### GIVEN RECORDS
◆ ◆ ◆
(* Assume $\mathcal E$ is stable under pullback and $\mathcal F\subseteq\mathcal E$. Let $c$ be a closure operator on $\mathcal A$ such that every object of $\mathcal A$ is $c$-separated. If $X\in\mathcal X$ is such that $R$ preserves products with $X$ (i.e. $\rho_{X\times Y}=\rho_X\times\rho_Y$ for every $Y\in\mathcal X$), then $X$ is $c^\rho$-compact if and only if $\rho_X\in\mathcal E$ and $RX$ is $c$-compact.
   Context: Standing setting. $\mathcal X$ and $\mathcal A$ are finitely complete categories; $\mathcal X$ carries a proper factorization system $(\mathcal E,\mathcal M)$ and $\mathcal A$ a proper factorization system $(\mathcal F,\mathcal N)$ (proper: every member of $\mathcal E$, resp. $\mathcal F$, is an epimorphism and every member of $\mathcal M$, resp. $\mathcal N$, is a monomorphism). $\mathcal A$ is a full reflective subcategory of $\mathcal X$ with reflector $R:\mathcal X\to\mathcal A$ and reflection (unit) $\rho_X:X\to RX$; as in the paper's setting, $\mathcal N\subseteq\mathcal M$ and $R\mathcal E\subseteq\mathcal F$. For $X\in\mathcal X$, $\operatorname{sub}X$ is the class $\mathcal M/X$ of $\mathcal M$-morphisms with codomain $X$, preordered by $m\le n$ iff $m=nj$ for some morphism $j$; for $A\in\mathcal A$, $\operatorname{sub}_{\mathcal A}A=\mathcal N/A$ with the same preorder. For $f:X\to Y$ and $m\in\operatorname{sub}X$, the image $f(m)\in\operatorname{sub}Y$ is the $\mathcal M$-part of the $(\mathcal E,\mathcal M)$-factorization of $fm$, and for $n\in\operatorname{sub}Y$ the preimage $f^{-1}(n)\in\operatorname{sub}X$ is the pullback of $n$ along $f$ (analogously in $\mathcal A$ using $(\mathcal F,\mathcal N)$). A closure operator $c$ on $\mathcal A$ (with respect to $\mathcal N$) is a family of maps $c_A:\operatorname{sub}_{\mathcal A}A\to\operatorname{sub}_{\mathcal A}A$ ($A\in\mathcal A$) such that $m\le c_A(m)$, $m\le n\Rightarrow c_A(m)\le c_A(n)$, and $f(c_A(m))\le c_B(f(m))$ for every morphism $f:A\to B$ of $\mathcal A$; closure operators on $\mathcal X$ (with respect to $\mathcal M$) are defined likewise. For an arbitrary morphism $g:M\to A$ of $\mathcal A$, write $g(1_M)$ for the $\mathcal N$-part of its $(\mathcal F,\mathcal N)$-factorization and put $c_A(g):=c_A(g(1_M))$. The $R$-initial lift of $c$ is the closure operator $c^\rho$ on $\mathcal X$ given by $c^\rho_X(m)=\rho_X^{-1}(c_{RX}(Rm))$ for $X\in\mathcal X$, $m\in\operatorname{sub}X$. A subobject $m$ is $c$-closed if $c(m)=m$; an object $A$ is $c$-separated if its diagonal $\delta_A:A\to A\times A$ is $c$-closed. For a closure operator $d$ on a category, an object $X$ is $d$-compact if for every object $Y$ the projection $\pi_Y:X\times Y\to Y$ is $d$-preserving, i.e. $\pi_Y(d_{X\times Y}(m))=d_Y(\pi_Y(m))$ for every subobject $m$ of $X\times Y$ (for $c$-compactness of an object of $\mathcal A$, $Y$ ranges over $\mathcal A$ and subobjects over $\operatorname{sub}_{\mathcal A}$; for $c^\rho$-compactness, over $\mathcal X$ and $\operatorname{sub}$). *)

Set Implicit Arguments.
Unset Strict Implicit.
Set Universe Polymorphism.

Record Cat : Type := {
  Ob :> Type;
  Hom : Ob -> Ob -> Type;
  cid : forall a, Hom a a;
  comp : forall a b c, Hom b c -> Hom a b -> Hom a c;
  comp_idl : forall a b (f : Hom a b), comp (cid b) f = f;
  comp_idr : forall a b (f : Hom a b), comp f (cid a) = f;
  comp_assoc : forall a b c d (f : Hom a b) (g : Hom b c) (h : Hom c d),
      comp h (comp g f) = comp (comp h g) f }.
Arguments Hom {_} _ _.
Arguments cid {_} _.
Arguments comp {_ _ _ _} _ _.
Notation "g ∘ f" := (comp g f) (at level 40, left associativity).

Definition is_iso (C : Cat) (a b : C) (f : Hom a b) : Prop :=
  exists g : Hom b a, g ∘ f = cid a /\ f ∘ g = cid b.

Record FinLim (C : Cat) : Type := {
  term : C;
  to_term : forall a : C, Hom a term;
  to_term_uniq : forall (a : C) (f g : Hom a term), f = g;
  prod : C -> C -> C;
  pr1 : forall a b : C, Hom (prod a b) a;
  pr2 : forall a b : C, Hom (prod a b) b;
  pair : forall z a b : C, Hom z a -> Hom z b -> Hom z (prod a b);
  pair_pr1 : forall z a b (f : Hom z a) (g : Hom z b), pr1 a b ∘ pair f g = f;
  pair_pr2 : forall z a b (f : Hom z a) (g : Hom z b), pr2 a b ∘ pair f g = g;
  pair_uniq : forall z a b (h k : Hom z (prod a b)),
      pr1 a b ∘ h = pr1 a b ∘ k -> pr2 a b ∘ h = pr2 a b ∘ k -> h = k;
  pb : forall a b c : C, Hom a c -> Hom b c -> C;
  pb1 : forall a b c (f : Hom a c) (g : Hom b c), Hom (pb f g) a;
  pb2 : forall a b c (f : Hom a c) (g : Hom b c), Hom (pb f g) b;
  pb_comm : forall a b c (f : Hom a c) (g : Hom b c), f ∘ pb1 f g = g ∘ pb2 f g;
  pb_pair : forall a b c (f : Hom a c) (g : Hom b c) z (u : Hom z a) (v : Hom z b),
      f ∘ u = g ∘ v -> Hom z (pb f g);
  pb_pair1 : forall a b c (f : Hom a c) (g : Hom b c) z (u : Hom z a) (v : Hom z b)
      (H : f ∘ u = g ∘ v), pb1 f g ∘ pb_pair H = u;
  pb_pair2 : forall a b c (f : Hom a c) (g : Hom b c) z (u : Hom z a) (v : Hom z b)
      (H : f ∘ u = g ∘ v), pb2 f g ∘ pb_pair H = v;
  pb_uniq : forall a b c (f : Hom a c) (g : Hom b c) z (h k : Hom z (pb f g)),
      pb1 f g ∘ h = pb1 f g ∘ k -> pb2 f g ∘ h = pb2 f g ∘ k -> h = k }.
Arguments term {C} _.
Arguments prod {C} _ _ _.
Arguments pr1 {C} _ {a b}.
Arguments pr2 {C} _ {a b}.
Arguments pair {C} _ {z a b} _ _.
Arguments pb {C} _ {a b c} _ _.
Arguments pb1 {C} _ {a b c} _ _.
Arguments pb2 {C} _ {a b c} _ _.

Record FactSys (C : Cat) : Type := {
  inE : forall a b : C, Hom a b -> Prop;
  inM : forall a b : C, Hom a b -> Prop;
  iso_E : forall a b (f : Hom a b), is_iso f -> inE f;
  iso_M : forall a b (f : Hom a b), is_iso f -> inM f;
  comp_E : forall a b c (f : Hom a b) (g : Hom b c), inE f -> inE g -> inE (g ∘ f);
  comp_M : forall a b c (f : Hom a b) (g : Hom b c), inM f -> inM g -> inM (g ∘ f);
  fac_ob : forall a b : C, Hom a b -> C;
  fac_e : forall a b (f : Hom a b), Hom a (fac_ob f);
  fac_m : forall a b (f : Hom a b), Hom (fac_ob f) b;
  fac_eE : forall a b (f : Hom a b), inE (fac_e f);
  fac_mM : forall a b (f : Hom a b), inM (fac_m f);
  fac_comp : forall a b (f : Hom a b), fac_m f ∘ fac_e f = f;
  diagonal : forall a b c d (e : Hom a b) (m : Hom c d) (u : Hom a c) (v : Hom b d),
      inE e -> inM m -> m ∘ u = v ∘ e ->
      exists w : Hom b c, w ∘ e = u /\ m ∘ w = v /\
        forall w' : Hom b c, w' ∘ e = u -> m ∘ w' = v -> w' = w;
  E_epi : forall a b (e : Hom a b), inE e ->
      forall c (g h : Hom b c), g ∘ e = h ∘ e -> g = h;
  M_mono : forall a b (m : Hom a b), inM m ->
      forall c (g h : Hom c a), m ∘ g = m ∘ h -> g = h }.
Arguments inE {C} _ {a b} _.
Arguments inM {C} _ {a b} _.
Arguments fac_ob {C} _ {a b} _.
Arguments fac_e {C} _ {a b} _.
Arguments fac_m {C} _ {a b} _.

(* A (candidate) subobject of a: any morphism with codomain a; sub a = M/a
   is the subclass of those with isM. *)
Definition sub (C : Cat) (a : C) : Type := { m : C & Hom m a }.
Definition isM (C : Cat) (F : FactSys C) (a : C) (s : sub a) : Prop := inM F (projT2 s).
Definition sle (C : Cat) (a : C) (s t : sub a) : Prop :=
  exists j : Hom (projT1 s) (projT1 t), projT2 s = projT2 t ∘ j.
Definition seqv (C : Cat) (a : C) (s t : sub a) : Prop := sle s t /\ sle t s.

Definition img (C : Cat) (F : FactSys C) (a b : C) (f : Hom a b) (s : sub a) : sub b :=
  existT _ (fac_ob F (f ∘ projT2 s)) (fac_m F (f ∘ projT2 s)).
(* g(1_M): M-part of the factorization of g *)
Definition npart (C : Cat) (F : FactSys C) (a b : C) (g : Hom a b) : sub b :=
  existT _ (fac_ob F g) (fac_m F g).
Definition preimg (C : Cat) (L : FinLim C) (a b : C) (f : Hom a b) (n : sub b) : sub a :=
  existT _ (pb L f (projT2 n)) (pb1 L f (projT2 n)).

Record ClosureOp (C : Cat) (F : FactSys C) : Type := {
  cl : forall a : C, sub a -> sub a;
  cl_M : forall a (s : sub a), isM F s -> isM F (cl s);
  cl_ext : forall a (s : sub a), isM F s -> sle s (cl s);
  cl_mono : forall a (s t : sub a), isM F s -> isM F t -> sle s t -> sle (cl s) (cl t);
  cl_cont : forall a b (f : Hom a b) (s : sub a), isM F s ->
      sle (img F f (cl s)) (cl (img F f s)) }.
Arguments ClosureOp : clear implicits.
Arguments cl {C F} _ {a} _.

(* c(g) := c(g(1_M)) for an arbitrary morphism g *)
Definition clm (C : Cat) (F : FactSys C) (c : forall a : C, sub a -> sub a)
  (a b : C) (g : Hom a b) : sub b := c b (npart F g).

Definition diagm (C : Cat) (L : FinLim C) (a : C) : Hom a (prod L a a) :=
  pair L (cid a) (cid a).

Definition separated (C : Cat) (L : FinLim C) (F : FactSys C)
  (d : forall a : C, sub a -> sub a) (a : C) : Prop :=
  seqv (clm F d (diagm L a)) (existT _ a (diagm L a) : sub (prod L a a)).

Definition compact (C : Cat) (L : FinLim C) (F : FactSys C)
  (d : forall a : C, sub a -> sub a) (x : C) : Prop :=
  forall (y : C) (m : sub (prod L x y)), isM F m ->
    seqv (img F (pr2 L) (d _ m)) (d _ (img F (pr2 L) m)).

Record Setting : Type := {
  CX : Cat; LX : FinLim CX; FX : FactSys CX;
  CA : Cat; LA : FinLim CA; FA : FactSys CA;
  Iob : CA -> CX;
  Ihom : forall a b : CA, Hom a b -> Hom (Iob a) (Iob b);
  I_id : forall a : CA, Ihom (cid a) = cid (Iob a);
  I_comp : forall (a b c : CA) (f : Hom a b) (g : Hom b c), Ihom (g ∘ f) = Ihom g ∘ Ihom f;
  I_full : forall (a b : CA) (f : Hom (Iob a) (Iob b)), exists g, Ihom g = f;
  I_faithful : forall (a b : CA) (f g : Hom a b), Ihom f = Ihom g -> f = g;
  I_injective : forall a b : CA, Iob a = Iob b -> a = b;
  Rob : CX -> CA;
  Rhom : forall x y : CX, Hom x y -> Hom (Rob x) (Rob y);
  R_id : forall x : CX, Rhom (cid x) = cid (Rob x);
  R_comp : forall (x y z : CX) (f : Hom x y) (g : Hom y z), Rhom (g ∘ f) = Rhom g ∘ Rhom f;
  rho : forall x : CX, Hom x (Iob (Rob x));
  rho_nat : forall (x y : CX) (f : Hom x y), Ihom (Rhom f) ∘ rho x = rho y ∘ f;
  rho_univ : forall (x : CX) (a : CA) (f : Hom x (Iob a)),
      exists g : Hom (Rob x) a, Ihom g ∘ rho x = f /\
        forall g' : Hom (Rob x) a, Ihom g' ∘ rho x = f -> g' = g;
  N_sub_M : forall (a b : CA) (f : Hom a b), inM FA f -> inM FX (Ihom f);
  RE_sub_F : forall (x y : CX) (f : Hom x y), inE FX f -> inE FA (Rhom f) }.

Arguments Iob {s} _.
Arguments Ihom {s a b} _.
Arguments Rob {s} _.
Arguments Rhom {s x y} _.
Arguments rho {s} _.

Definition Isub (S : Setting) (a : CA S) (n : sub a) : sub (Iob a) :=
  existT _ (Iob (projT1 n)) (Ihom (projT2 n)).

(* the R-initial lift c^rho:  c^rho_X(m) = rho_X^{-1}(c_{RX}(Rm)) *)
Definition lift (S : Setting) (c : ClosureOp (CA S) (FA S)) (x : CX S) (m : sub x) : sub x :=
  preimg (LX S) (rho x) (Isub (clm (FA S) (@cl _ _ c) (Rhom (projT2 m)))).

Definition E_pullback_stable (S : Setting) : Prop :=
  forall (a b c : CX S) (f : Hom a c) (e : Hom b c), inE (FX S) e -> inE (FX S) (pb1 (LX S) f e).

Definition F_sub_E (S : Setting) : Prop :=
  forall (a b : CA S) (f : Hom a b), inE (FA S) f -> inE (FX S) (Ihom f).

Definition R_preserves_products_with (S : Setting) (x : CX S) : Prop :=
  forall y : CX S,
    is_iso (pair (LA S) (Rhom (pr1 (LX S) (a:=x) (b:=y))) (Rhom (pr2 (LX S) (a:=x) (b:=y)))).

(* If [X] is [c^rho]-compact, the graph of [rho_X] is [c^rho]-closed because [RX]
   is [c]-separated, while the closure of its projection (the image of [rho_X]) is
   all of [RX]; compactness then splits the M-part of [rho_X], so [rho_X] is in E.  Pulling a subobject of [RX * B] back along
   [rho_X * 1] to [X * B], and using that pullbacks of [rho_X] are E-covers, moves
   compactness from [X] down to [RX].  Conversely, if [rho_X] is in E and
   [R(X * Y) = RX * RY], a point of [c^rho(pr2(m))] lifts along pullbacks of E-maps
   to a point of [c^rho(m)], the required point of [RX * RY] being provided by the
   compactness of [RX]. *)

Set Implicit Arguments.
Unset Strict Implicit.

Section FactorizationSystem.
Variables (C : Cat) (F : FactSys C).

Lemma sle_trans (a : C) (s t u : sub a) : sle s t -> sle t u -> sle s u.
Proof.
  intros [j Hj] [k Hk]. exists (k ∘ j). rewrite Hj, Hk. symmetry. apply comp_assoc.
Qed.

Lemma factor_M_of_E (a b c d : C) (e : Hom a b) (m : Hom c d) (h : Hom b d) (u : Hom a c) :
  inE F e -> inM F m -> h ∘ e = m ∘ u -> exists w, h = m ∘ w.
Proof.
  intros He Hm H. destruct (diagonal He Hm (eq_sym H)) as [w [_ [Hw _]]].
  exists w. symmetry. exact Hw.
Qed.

Lemma npart_M (a b : C) (f : Hom a b) : isM F (npart F f).
Proof. apply fac_mM. Qed.

Lemma img_M (a b : C) (f : Hom a b) (s : sub a) : isM F (img F f s).
Proof. apply fac_mM. Qed.

Lemma factor_of_npart_sle (a b : C) (f : Hom a b) (t : sub b) :
  sle (npart F f) t -> exists j, f = projT2 t ∘ j.
Proof.
  intros [j Hj]. exists (j ∘ fac_e F f).
  rewrite comp_assoc, <- Hj. symmetry. apply fac_comp.
Qed.

Lemma npart_sle (a b : C) (f : Hom a b) (t : sub b) :
  isM F t -> (exists j, f = projT2 t ∘ j) -> sle (npart F f) t.
Proof.
  intros Ht [j Hj]. apply (factor_M_of_E (fac_eE F f) Ht (u := j)).
  rewrite fac_comp. exact Hj.
Qed.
◆ ◆ ◆
### TASK DESCRIPTION
From the records above, quote only the lines running from the line with "existT _ (fac_ob F (f" to the line with "cl_ext : forall", both lines included.

### COMPLETED TASK
  existT _ (fac_ob F (f ∘ projT2 s)) (fac_m F (f ∘ projT2 s)).
(* g(1_M): M-part of the factorization of g *)
Definition npart (C : Cat) (F : FactSys C) (a b : C) (g : Hom a b) : sub b :=
  existT _ (fac_ob F g) (fac_m F g).
Definition preimg (C : Cat) (L : FinLim C) (a b : C) (f : Hom a b) (n : sub b) : sub a :=
  existT _ (pb L f (projT2 n)) (pb1 L f (projT2 n)).

Record ClosureOp (C : Cat) (F : FactSys C) : Type := {
  cl : forall a : C, sub a -> sub a;
  cl_M : forall a (s : sub a), isM F s -> isM F (cl s);
  cl_ext : forall a (s : sub a), isM F s -> sle s (cl s);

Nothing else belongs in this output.